By Hazel Scott/ASU
One of the most consequential attorneys for the Civil Rights Movement, ASU alumnus and famed civil rights attorney Fred Gray Sr., was recognized Thursday, July 7, for keeping a promise to himself – to destroy through the legal system “everything that was segregated.”
In a White House ceremony, President Joe Biden presented Gray with The Presidential Medal of Freedom, the nation’s highest civilian honor, for spending his life achieving his goal of advocating for human rights.
The honor is reserved for people who have made exemplary contributions to the prosperity, values or security of the United States, world peace or other significant societal public or private endeavors.

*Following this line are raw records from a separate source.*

(* Lower bound: process the transitions abc of a connecting set Tr one by one,
   starting from the edges each in its own class and merging the classes of ab
   and bc.  The excess, the sum over classes of (number of covered vertices - 2),
   grows by at most one per merge, since the two classes share b; so it is at
   most #|Tr|.  A compatible walk never leaves a class, hence any two vertices
   are covered by a common class, and a covered vertex set W has no isolated
   vertex in G.  The non-edges of G are the pairs {v, parent v} of the star
   rooted at c; in such a W at most (3/2)(#|W| - 2) vertices v <> c have their
   parent in W (at most #|W| - 1 by acyclicity, at most #|W| - 2 if #|W| <= 3).
   Every v <> c has its parent in the class covering both, so 3n <= (3/2) #|Tr|.
   The bound 2n is attained by the transitions v_{i,1} v_{i,3} c and
   v_{i,3} c v_{i,2}, and tau(G) = 3n - 1 because both G and its complement are
   connected. *)

Lemma card_bigcup_leq (I T : finType) (F : I -> {set T}) :
  #|\bigcup_i F i| <= \sum_i #|F i|.
Proof.
elim/big_ind2: _ => [|a A b B leA leB|//]; first by rewrite cards0.
exact: leq_trans (leq_card_setU A B).1 (leq_add leA leB).
Qed.

Section EdgeClasses.
Variables (T : finType) (e : rel T).

Definition no_isolated (W : {set T}) : Prop :=
  forall x, x \in W -> exists2 y, y \in W & e x y.

Lemma nonadjacent_pair_unique (W : {set T}) x y x' y' :
  symmetric e -> irreflexive e -> no_isolated W -> #|W| <= 3 ->
  x \in W -> y \in W -> ~~ e x y -> x != y ->
  x' \in W -> y' \in W -> ~~ e x' y' -> x' != y' ->
  [set x'; y'] = [set x; y].
Proof.
(* The neighbour z of x in W is forced to be a neighbour of y as well, so
   {x, y} is the only non-edge inside W = {x, y, z}. *)
move=> esym eirr nbr cW xW yW nxy xy x'W y'W nxy' xy'.
have [z zW exz] := nbr x xW.
have zx : z != x by apply: contraTneq exz => ->; rewrite eirr.
have zy : z != y by apply: contraTneq exz => ->.
have Wxyz : W = x |: [set y; z].
  have card3 : #|x |: [set y; z]| = 3.
    by rewrite cardsU1 cards2 !inE (negbTE xy) eq_sym (negbTE zx) eq_sym zy.
  apply/eqP; rewrite eq_sym eqEcard card3 cW andbT.
  by apply/subsetP => v; rewrite !inE => /or3P[] /eqP->.
have eyz : e y z.
  have [z' + eyz'] := nbr y yW.
  rewrite Wxyz !inE => /or3P[] /eqP ez'; move: eyz'; rewrite ez'.
  - by rewrite esym (negbTE nxy).
  - by rewrite eirr.
  - by [].
move: x'W y'W xy' nxy'; rewrite Wxyz !inE.
by case/or3P=> /eqP-> /or3P[] /eqP->; rewrite ?eqxx ?exz ?eyz ?(esym z) ?exz ?eyz // setUC.
Qed.

Definition edge_set (x : {set T}) : bool :=
  [exists a, exists b, (x == [set a; b]) && e a b].

Lemma edge_set2 a b : e a b -> edge_set [set a; b].
Proof. by move=> eab; apply/existsP; exists a; apply/existsP; exists b; rewrite eqxx. Qed.

Definition edge_class (lab : {set T} -> {set T}) (l : {set T}) : {set T} :=
  \bigcup_(x | edge_set x && (lab x == l)) x.

Definition excess (lab : {set T} -> {set T}) : nat :=
  \sum_(l : {set T}) (#|edge_class lab l| - 2).

Lemma edge_class_sub lab x : edge_set x -> x \subset edge_class lab (lab x).
Proof. by move=> Ex; apply: (bigcup_sup x); rewrite Ex eqxx. Qed.

Lemma edge_class_no_isolated lab l :
  symmetric e -> no_isolated (edge_class lab l).
Proof.
move=> esym x /bigcupP[_ /andP[/existsP[a /existsP[b /andP[/eqP-> eab]]] /eqP<-]].
have sub := edge_class_sub lab (edge_set2 eab).
rewrite !inE => /orP[] /eqP->.
- by exists b => //; apply: (subsetP sub); rewrite !inE eqxx orbT.
- by exists a; [apply: (subsetP sub); rewrite !inE eqxx | rewrite esym].
Qed.

Lemma excess_id : excess id = 0.
Proof.
apply: big1 => l _; apply/eqP; rewrite subn_eq0.
case El: (edge_set l).
  move: El => /existsP[a /existsP[b /andP[/eqP El _]]].
  have sub : edge_class id l \subset l by apply/bigcupsP => x /andP[_ /eqP->].
  by apply: leq_trans (subset_leq_card sub) _; rewrite El cards2 ltnS leq_b1.
rewrite /edge_class big_pred0 ?cards0 // => x.
by apply/andP=> -[Ex /eqP xl]; rewrite -xl Ex in El.
Qed.

Definition merge (lab : {set T} -> {set T}) (l1 l2 : {set T}) x : {set T} :=
  if lab x == l1 then l2 else lab x.

Lemma merge_id lab l : merge lab l l =1 lab.
Proof. by move=> x; rewrite /merge; case: eqP. Qed.

Lemma edge_class_merge lab l1 l2 : l1 != l2 -> forall l,
  edge_class (merge lab l1 l2) l \subset
  (if l == l1 then set0
   else if l == l2 then edge_class lab l1 :|: edge_class lab l2
   else edge_class lab l).
Proof.
move=> l12 l; apply/bigcupsP => x /andP[Ex /eqP<-]; rewrite /merge.
have [xl1|xl1] := eqVneq (lab x) l1.
  rewrite eq_sym (negbTE l12) eqxx -xl1.
  by apply: subset_trans (edge_class_sub lab Ex) (subsetUl _ _).
rewrite (negbTE xl1); case: eqP => [xl2|_]; last exact: edge_class_sub.
by rewrite -xl2; apply: subset_trans (edge_class_sub lab Ex) (subsetUr _ _).
Qed.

Gray, still an active attorney at 91, was one of the first African American members of the Alabama Legislature after Reconstruction. He has been the legal mastermind behind many of the nation’s pivotal civil rights cases, particularly during the birth of the modern civil rights movement in 1955 when he defended Rosa Parks and Dr. Martin Luther King, Jr. Gray’s prominence grew throughout his decades-long career as he successfully defended a succession of history-making cases such as his representation of the plaintiffs in the “Tuskegee Syphilis Study,” which involved doctors leaving black men untreated for the disease for decades.
Gray was one of 17 honorees, including gymnast Simone Biles and the late Arizona Republican John McCain, who received medals on Thursday in the East Room of the White House.
Gray, who wore a conservative dark blue suit spiced with bright red socks for the ceremony, stood tall and proud as President Biden, a medal recipient himself, clasped the ribbon holding the medal around his neck.
“When Dr. King, Rosa Parks, Claudette Colvin, John Lewis and other giants of our history needed a lawyer for their fight for freedom, you know who they called? They called a guy by the name of Fred Gray. One of the most important civil rights lawyers in our history, Fred’s legal brilliance and strategy desegregated schools and secured the right to vote…An ordained minister, he viewed a righteous calling that touched the soul of our nation. At 91 years young, he is still practicing law and still keeping the faith in the best of America.”
President Biden also acknowledged Gray’s bravery in risking his safety during the Civil Rights Movement.